Скорее назад, к тете, к дядюшке. Они же там сидят и не знают ничего.

Только они всё уже знали. Тетя была так рада, что я вернулась. Можно было подумать, что в городе уже идет война. Дядя посмотрел на меня и говорит:

— Не видать проклятому Гитлеру нашей земли. Бивали и не таких.

Я тогда много песен знала. Некоторые исполняют и теперь по радио. Пока назад в трамвае ехала, все песни перепела про себя. Особенно любила: «Если завтра война, если завтра в поход — будь сегодня к походу готов!..» Вот, значит, война уже не завтра, а сегодня…

Говорю своим:

— Я в Ленинград поеду, к маме, к папе. Раз война…

Дядя не хочет и слышать.

— Никуда ты, — заявляет, — Надежда, не поедешь, пока о том не распорядятся родители. Зачем ты там сейчас летом?.. У нас тут не будет войны. Ленинград тоже далеко. Пройдет лето, и уедешь домой. Твое дело маленькое. Пока отдыхай. У нас здесь безопасно.

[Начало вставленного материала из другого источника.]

Lemma exists_anisotropic_orthogonal : (k < 5)%N ->
  exists u : V, g u u != 0 /\ forall i, g (s i) u = 0.
Proof.
move=> k_lt5; pose Y := 1%:M - frame_projmx.
have YE v : Y *m v = v - frame_proj v by rewrite mulmxBl mul1mx mul_frame_projmx.
have Y_perp i v : g (Y *m v) (s i) = 0 by rewrite gf_sym YE gf_frame_proj_perp.
have [[v Yv_aniso] | no_aniso] := classic (exists v, g (Y *m v) (Y *m v) != 0).
  by exists (Y *m v); split=> // i; rewrite gf_sym Y_perp.
have Y0 : Y = 0.
  apply: isotropic_orthoprojector_eq0 => [v w|v].
    rewrite [Y *m w]YE opprB addrC subrK gf_sumr big1 // => i _.
    by rewrite Y_perp mulr0.
  by apply/eqP; apply/negPn/negP => Yv_aniso; apply: no_aniso; exists v.
have := congr1 mxtrace Y0; rewrite mxtrace0 raddfB /= mxtrace1.
rewrite mxtrace_frame_projmx -natrB 1?ltnW // => /eqP.
by rewrite pnatr_eq0 subn_eq0 leqNgt k_lt5.
Qed.

End OrthogonalFamily.

Lemma orthogonal_frame_expansion (s : 'I_5 -> V) :
    (forall i j, i != j -> g (s i) (s j) = 0) -> (forall i, g (s i) (s i) != 0) ->
  forall v, frame_proj s v = v.
Proof.
move=> s_orth s_aniso v; apply/eqP; rewrite eq_sym -subr_eq0; apply/eqP.
set w := v - _; have w_perp j : g (s j) w = 0 by exact: gf_frame_proj_perp.
pose E : 'M[R]_5 := \matrix_(i, j) s j i 0.
have EGE u : E^T *m G *m u = \col_j g (s j) u.
  apply/colP => j; rewrite !mxE /gf mxE; apply: eq_bigr => l _.
  by congr (_ * _); rewrite !mxE; apply: eq_bigr => m _; rewrite !mxE.
have EGE_diag : E^T *m G *m E = diag_mx (\row_j g (s j) (s j)).
  apply/matrixP => i j; transitivity ((E^T *m G *m s j) i 0).
    by rewrite !mxE; apply: eq_bigr => l _; rewrite [E l j]mxE.
  rewrite EGE !mxE; have [->|ij] := eqVneq i j; first by rewrite mulr1n.
  by rewrite s_orth ?mulr0n.
have EG_unit : E^T *m G \in unitmx.
  have : E^T *m G *m E \in unitmx.
    by rewrite EGE_diag unitmxE det_diag unitfE; apply/prodf_neq0 => i _; rewrite mxE.
  by rewrite unitmx_mul => /andP[].
have EGw0 : E^T *m G *m w = 0 by rewrite EGE; apply/colP => j; rewrite !mxE w_perp.
by have := congr1 (mulmx (invmx (E^T *m G))) EGw0; rewrite mulKmx // mulmx0.
Qed.

Lemma linear_frame_eq0 (s : 'I_5 -> V) (F : V -> R) :
    (forall i j, i != j -> g (s i) (s j) = 0) -> (forall i, g (s i) (s i) != 0) ->
    (forall (a : R) x y, F (a *: x + y) = a * F x + F y) ->
  (forall j, F (s j) = 0) -> forall v, F v = 0.
Proof.
move=> s_orth s_aniso F_lin F_s v.
have F0 : F 0 = 0 by have := F_lin 1 0 0; rewrite scale1r addr0 mul1r; lra.
rewrite -(orthogonal_frame_expansion s_orth s_aniso v).
apply: (big_ind (fun u => F u = 0)) => // [x y Fx Fy|j _].
  by have := F_lin 1 x y; rewrite scale1r mul1r Fx Fy addr0.
have := F_lin (g (s j) v / g (s j) (s j)) (s j) 0.
by rewrite !addr0 F_s F0 mulr0 addr0.
Qed.

Lemma pi1_neq0 (x y : V) : lin_indep2 x y -> plane_nondegenerate G x y ->
  pi1 G x y y x != 0.
Proof.
move=> xy_indep xy_nondeg; apply/eqP; rewrite /pi1 (gf_sym y x) => pi1_eq0.
(* a kernel vector of the singular Gram matrix of (x, y) *)
have [a [b [ab_neq0 ux uy]]] : exists a b : R, [/\ (a != 0) || (b != 0),
    g (a *: x + b *: y) x = 0 & g (a *: x + b *: y) y = 0].
  have [/andP[/eqP xx0 /eqP xy0] | xxy_neq0] := boolP ((g x x == 0) && (g x y == 0)).
    exists 1, 0; rewrite oner_eq0 !(gfDl, gfZl) xx0 (gf_sym y x) xy0.
    by split=> //; ring.
  exists (g x y), (- g x x); split.
  - by move: xxy_neq0; rewrite negb_and oppr_eq0 orbC.
  - by rewrite !(gfDl, gfZl) (gf_sym y x); ring.
  - by rewrite !(gfDl, gfZl); lra.
have u0 : a *: x + b *: y = 0.
  apply: xy_nondeg; first by exists a, b.
  by move=> v [c [d ->]]; rewrite !(gfDr, gfZr) ux uy; ring.
have [a0 b0] := xy_indep a b u0.
by move: ab_neq0; rewrite a0 b0 eqxx.
Qed.

End BilinearForm.

Section CurvatureLikeTensors.
Variable R : rcfType.
Implicit Type T : tensor4 R.

Lemma curvature_like_pair_sym T : curvature_like T ->
  forall x y z w, T x y z w = T z w x y.
Proof.
case=> _ anti12 anti34 bianchi x y z w.
(* the sum of the Bianchi identities at the four cyclic shifts of (x, y, z, w) *)
have := bianchi x y z w; have := bianchi y z w x.
have := bianchi z w x y; have := bianchi w x y z.
rewrite (anti34 y z w x) (anti12 w y z x) (anti34 y w z x) (anti34 w x z y).
rewrite (anti12 x z w y) (anti34 z x w y) (anti34 x y w z) (anti34 z w y x).
lra.
Qed.

Lemma phi_Kaehler_type_lincomb (phi : 'M[R]_5) (a b : R) T1 T2 :
  phi_Kaehler_type phi T1 -> phi_Kaehler_type phi T2 ->
  phi_Kaehler_type phi (fun x y z w => a * T1 x y z w + b * T2 x y z w).
Proof.
case=> [[[l1 l2 l3 l4] a12 a34 b1] k1] [[[m1 m2 m3 m4] c12 c34 b2] k2].
split; first split; first split=> *.
- by rewrite l1 m1; ring.
- by rewrite l2 m2; ring.
- by rewrite l3 m3; ring.
- by rewrite l4 m4; ring.
- by move=> *; rewrite a12 c12; ring.
- by move=> *; rewrite a34 c34; ring.
- move=> x y z w; transitivity (a * (T1 x y z w + T1 y z x w + T1 z x y w)
    + b * (T2 x y z w + T2 y z x w + T2 z x y w)); first ring.
  by rewrite b1 b2 !mulr0 addr0.
- by move=> *; rewrite k1 k2; ring.
Qed.

End CurvatureLikeTensors.

Lemma exists_sqrt_sum_sqr (R : rcfType) (a b : R) : a != 0 ->
  exists s : R, s ^+ 2 = a ^+ 2 + b ^+ 2 /\ a + s != 0.
Proof.
move=> a_neq0; have sqrt_ge0 := sqrtr_ge0 (a ^+ 2 + b ^+ 2).
have sqr_sqrt : Num.sqrt (a ^+ 2 + b ^+ 2) ^+ 2 = a ^+ 2 + b ^+ 2.
  by rewrite sqr_sqrtr // addr_ge0 // sqr_ge0.
have [a_gt0 | a_le0] := ltrP 0 a.
  by exists (Num.sqrt (a ^+ 2 + b ^+ 2)); split=> //; apply/eqP; lra.
have a_lt0 : a < 0 by rewrite lt_neqAle a_neq0 a_le0.
by exists (- Num.sqrt (a ^+ 2 + b ^+ 2)); rewrite sqrrN; split=> //; apply/eqP; lra.
Qed.

Section AlmostContactBMetric.
Variables (R : rcfType) (phi G : 'M[R]_5) (xi : 'cV[R]_5) (eta : 'rV[R]_5).
Local Notation V := 'cV[R]_5.
Local Notation g := (gf G).
Local Notation et := (etaf eta).

Lemma etafD (x y : V) : et (x + y) = et x + et y.
Proof. by rewrite /etaf mulmxDr mxE. Qed.
Lemma etafZ (a : R) (x : V) : et (a *: x) = a * et x.
Proof. by rewrite /etaf -scalemxAr mxE. Qed.

Hypothesis acB : acBmetric phi xi eta G.

Lemma acBmetric_unitmx : G \in unitmx.
Proof. by case: acB => _ /signature_2_3_unitmx. Qed.

Let G_sym : G^T = G.
Proof. by case: acB. Qed.

Let gfC : forall x y : V, g x y = g y x := gf_sym G_sym.

Lemma phi_xi : phi *m xi = 0.
Proof. by case: acB => _ _ []. Qed.

Lemma etaf_gf (x : V) : et x = g x xi.
Proof.
case: acB => _ _ [phi_xi _] [_ eta_xi] B_metric.
by rewrite B_metric phi_xi gf0r oppr0 add0r eta_xi mulr1.
Qed.

Lemma gf_xi_xi : g xi xi = 1.
Proof. by rewrite -etaf_gf; case: acB => _ _ _ []. Qed.

Lemma etaf_phi (x : V) : et (phi *m x) = 0.
Proof.
by case: acB => _ _ _ [eta_phi _] _; rewrite /etaf mulmxA eta_phi mul0mx mxE.
Qed.
(* Let $Y_1,Y_2,\ldots$ be i.i.d. Bernoulli$(1/2)$ and let $(Z^k)_k$ be generated by the bit-drop scheme described in the context, independently of $(Y_i)$; let $L^a(k)=L^a_n(k)$ be the length of a longest common subsequence of $Z^k$ and $Y_1\ldots Y_n$. Let $\gamma>0$, let $k$ satisfy $0.45n\le k<n$, let $\sigma_k:=\sigma(Z^k_i,Y_j: i\le k,\ j\le n)$, and let $E^n_{2k}$ be the event that every $(\pi,\eta)\in M^k$ has more than $\gamma n$ non-empty matches. Then on the event $E^n_{2k}$, $$P\big(L^a(k+1)-L^a(k)=1\,\big|\,\sigma_k\big)\geq 0.5\gamma.$$
   Context: Bit-drop scheme: let $V_1,V_2,\ldots$ be i.i.d. Bernoulli$(1/2)$ and let $T_3,T_4,\ldots$ be independent, independent of $(V_k)$, with $T_{k+1}$ uniform on $\{2,\ldots,k\}$. Set $Z^2:=V_1V_2$ and, given $Z^k=Z^k_1\ldots Z^k_k$, define $Z^{k+1}_j:=Z^k_j$ for $j<T_{k+1}$, $Z^{k+1}_{T_{k+1}}:=V_{k+1}$, $Z^{k+1}_j:=Z^k_{j-1}$ for $T_{k+1}<j\le k+1$. A pair of matching subsequences of $Z^k$ and $Y_1\ldots Y_n$ of length $m$ is a pair $(\pi,\eta)$ of strictly increasing maps $\pi:\{1,\ldots,m\}\to\{1,\ldots,k\}$, $\eta:\{1,\ldots,m\}\to\{1,\ldots,n\}$ with $Z^k_{\pi(i)}=Y_{\eta(i)}$ for all $i$. $M^k_2$ is the set of such pairs of maximal length; pairs are ordered componentwise, and $M^k$ is the set of minimal elements of $M^k_2$. For $1\le i\le m-1$, $(\pi(i),\pi(i+1),\eta(i),\eta(i+1))$ is a match of $(\pi,\eta)$; it is non-empty if $\eta(i)+2\le\eta(i+1)$. *)

From HB Require Import structures.
From mathcomp Require Import all_boot all_order all_algebra.
Set Implicit Arguments. Unset Strict Implicit. Unset Printing Implicit Defensive.
Import Order.TTheory GRing.Theory Num.Theory.

Definition lcs (a b : seq bool) : nat :=
  \max_(m : (size a).-tuple bool | subseq (mask m a) b) size (mask m a).

(* ---------- Matching subsequences (1-based indices, as in the paper) ---------- *)
(* (p, q) encodes (pi, eta): p = [pi(1); ...; pi(m)], q = [eta(1); ...; eta(m)] *)
Definition matching (z y : seq bool) (p q : seq nat) : Prop :=
  [/\ size p = size q, sorted ltn p, sorted ltn q,
      all (fun i => 0 < i <= size z) p & all (fun j => 0 < j <= size y) q] /\
      (forall i, i < size p -> nth false z (nth 0 p i).-1 = nth false y (nth 0 q i).-1).

Definition M2 (z y : seq bool) (p q : seq nat) : Prop :=
  matching z y p q /\ size p = lcs z y.

Definition pair_le (p q p' q' : seq nat) : Prop :=
  size p = size p' /\ size q = size q' /\
  forall i, i < size p -> nth 0 p i <= nth 0 p' i /\ nth 0 q i <= nth 0 q' i.

Definition Mmin (z y : seq bool) (p q : seq nat) : Prop :=
  M2 z y p q /\
  forall p' q', M2 z y p' q' -> pair_le p' q' p q -> p' = p /\ q' = q.

Definition nonempty_matches (q : seq nat) : nat :=
  count (fun i => (nth 0 q i).+2 <= nth 0 q i.+1) (iota 0 (size q).-1).

(* the event E^n_{2k}, as a property of (Z^k, Y) *)
Definition Eevent {R : realFieldType} (gamma : R) (n : nat) (z y : seq bool) : Prop :=
  forall p q, Mmin z y p q -> (gamma * n%:R < (nonempty_matches q)%:R)%R.

(* insert bit b at (1-based) position t *)
Definition ins (z : seq bool) (t : nat) (b : bool) : seq bool :=
  take t.-1 z ++ b :: drop t.-1 z.

(* Zrec v t m = Z^(m+2), where v i = V_i and t j = T_j *)
Fixpoint Zrec (v : nat -> bool) (t : nat -> nat) (m : nat) : seq bool :=
  match m with
  | 0 => [:: v 1; v 2]
  | m'.+1 => ins (Zrec v t m') (t m'.+3) (v m'.+3)
  end.

(* Finite sample space carrying (V_1..V_{k+1}, T_3..T_{k+1}, Y_1..Y_n),
   equipped with the uniform probability (= product of the uniform laws).
   The T-coordinate indexed by i : 'I_(k-1) stores T_{i+3} - 2 in 'I_(i+1),
   i.e. T_{i+3} is uniform on {2, ..., i+2}. *)
Definition Omega (k n : nat) : finType :=
  ((k.+1).-tuple bool * {dffun forall i : 'I_(k.-1), 'I_(i.+1)} * n.-tuple bool)%type.

Definition Vof (k n : nat) (w : Omega k n) (i : nat) : bool := nth false (tval w.1.1) i.-1.

Definition Tof (k n : nat) (w : Omega k n) (j : nat) : nat :=
  match (insub (j - 3) : option 'I_(k.-1)) with
  | Some i => (val (w.1.2 i)).+2
  | None => 2
  end.

(* Z^j for j >= 2 *)
Definition Zof (k n : nat) (w : Omega k n) (j : nat) : seq bool :=
  Zrec (Vof w) (Tof w) (j - 2).

Definition Yof (k n : nat) (w : Omega k n) : seq bool := tval w.2.

Definition La (k n : nat) (w : Omega k n) (j : nat) : nat := lcs (Zof w j) (Yof w).

Definition Prob {R : realFieldType} (k n : nat) (A : pred (Omega k n)) : R :=
  (#|A|%:R / #|Omega k n|%:R)%R.

(* Fix a minimal pair (pi, eta) in M^k; on E^n_{2k} it has more than gamma n non-empty
   matches.  Distinct matches give distinct
   positions T_(k+1) = pi(i+1), so more than gamma n of the 2(k-1) equally likely values of
   (V_(k+1), T_(k+1)) make L^a increase, whatever (Z^k, Y) is, and
   gamma n / (2(k-1)) >= gamma / 2 because k < n. *)

From HB Require Import structures.
From mathcomp Require Import all_boot all_order all_algebra zify lra.
From Stdlib Require Import Classical.
Set Implicit Arguments. Unset Strict Implicit. Unset Printing Implicit Defensive.

Lemma size_subseq_leq_lcs (a b s : seq bool) : subseq s a -> subseq s b -> size s <= lcs a b.
Proof.
move=> /subseqP [m /eqP size_m ->] sub_b.
exact: (leq_bigmax_cond (Tuple size_m) sub_b).
Qed.

Lemma lcs_attained (a b : seq bool) :
  exists s, [/\ subseq s a, subseq s b & size s = lcs a b].
Proof.
have : 0 < #|[pred m : (size a).-tuple bool | subseq (mask m a) b]|.
  apply/card_gt0P; exists (nseq_tuple (size a) false).
  by rewrite inE /= mask_false sub0seq.
move=> /(eq_bigmax_cond (fun m : (size a).-tuple bool => size (mask m a))) [m sub_b lcsE].
by exists (mask m a); rewrite /lcs lcsE mask_subseq.
Qed.

Lemma subseq_cat_cons (T : eqType) (s a1 a2 : seq T) x :
  subseq s (a1 ++ x :: a2) ->
  exists2 s', subseq s' (a1 ++ a2) & subseq s' s /\ size s <= (size s').+1.
Proof.
move=> /subseqP [m size_m ->].
have size_m2 : size (drop (size a1) m) = (size a2).+1.
  by rewrite size_drop size_m size_cat addKn.
rewrite -[m in mask m](cat_take_drop (size a1)) mask_cat; last first.
  by rewrite size_takel // size_m size_cat leq_addr.
case: (drop _ m) size_m2 => [//|c m2 [size_m2]].
exists (mask (take (size a1) m) a1 ++ mask m2 a2).
  by apply: cat_subseq; apply: mask_subseq.
split; last by rewrite !size_cat; case: c => /=; lia.
apply: cat_subseq; first exact: subseq_refl.
by case: c => //; apply: subseq_trans (subseq_cons _ _).
Qed.

Lemma lcs_ins_leq (z y : seq bool) t b : lcs (ins z t b) y <= (lcs z y).+1.
Proof.
have [s [sub_z sub_y <-]] := lcs_attained (ins z t b) y.
have [s' sub_z' [sub_s size_s]] := subseq_cat_cons sub_z.
apply: leq_trans size_s _; rewrite ltnS; apply: size_subseq_leq_lcs (subseq_trans sub_s sub_y).
by rewrite cat_take_drop in sub_z'.
Qed.

Lemma sorted_take_drop_lt (l : seq nat) j x x' :
  sorted ltn l -> x \in take j l -> x' \in drop j l -> x < x'.
Proof.
rewrite (sorted_pairwise ltn_trans) -[l in pairwise _ l](cat_take_drop j) pairwise_cat.
by case/and3P => /allrelP lt_take_drop _ _; apply: lt_take_drop.
Qed.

А уж как мне хотелось домой, в Ленинград! Сбежать, думаю, что ли?.. Назад же не вернут. А потом решила: побуду еще у тети. Наши, школьные, ведь тоже кто куда разъехались на лето. Осенью соберемся и обсудим, что нам делать, раз война. А до осени она, может быть, и кончится.

Только хоть дядя и говорил, что у них будет безопасно, а со второго дня войны по вечерам велели занавешивать окна, да так, чтобы на улицу и щелочки светлой видно не было. Это чтобы фашистские самолеты ночью не разглядели городских улиц. Увидят, объясняли нам, и сбросят бомбу.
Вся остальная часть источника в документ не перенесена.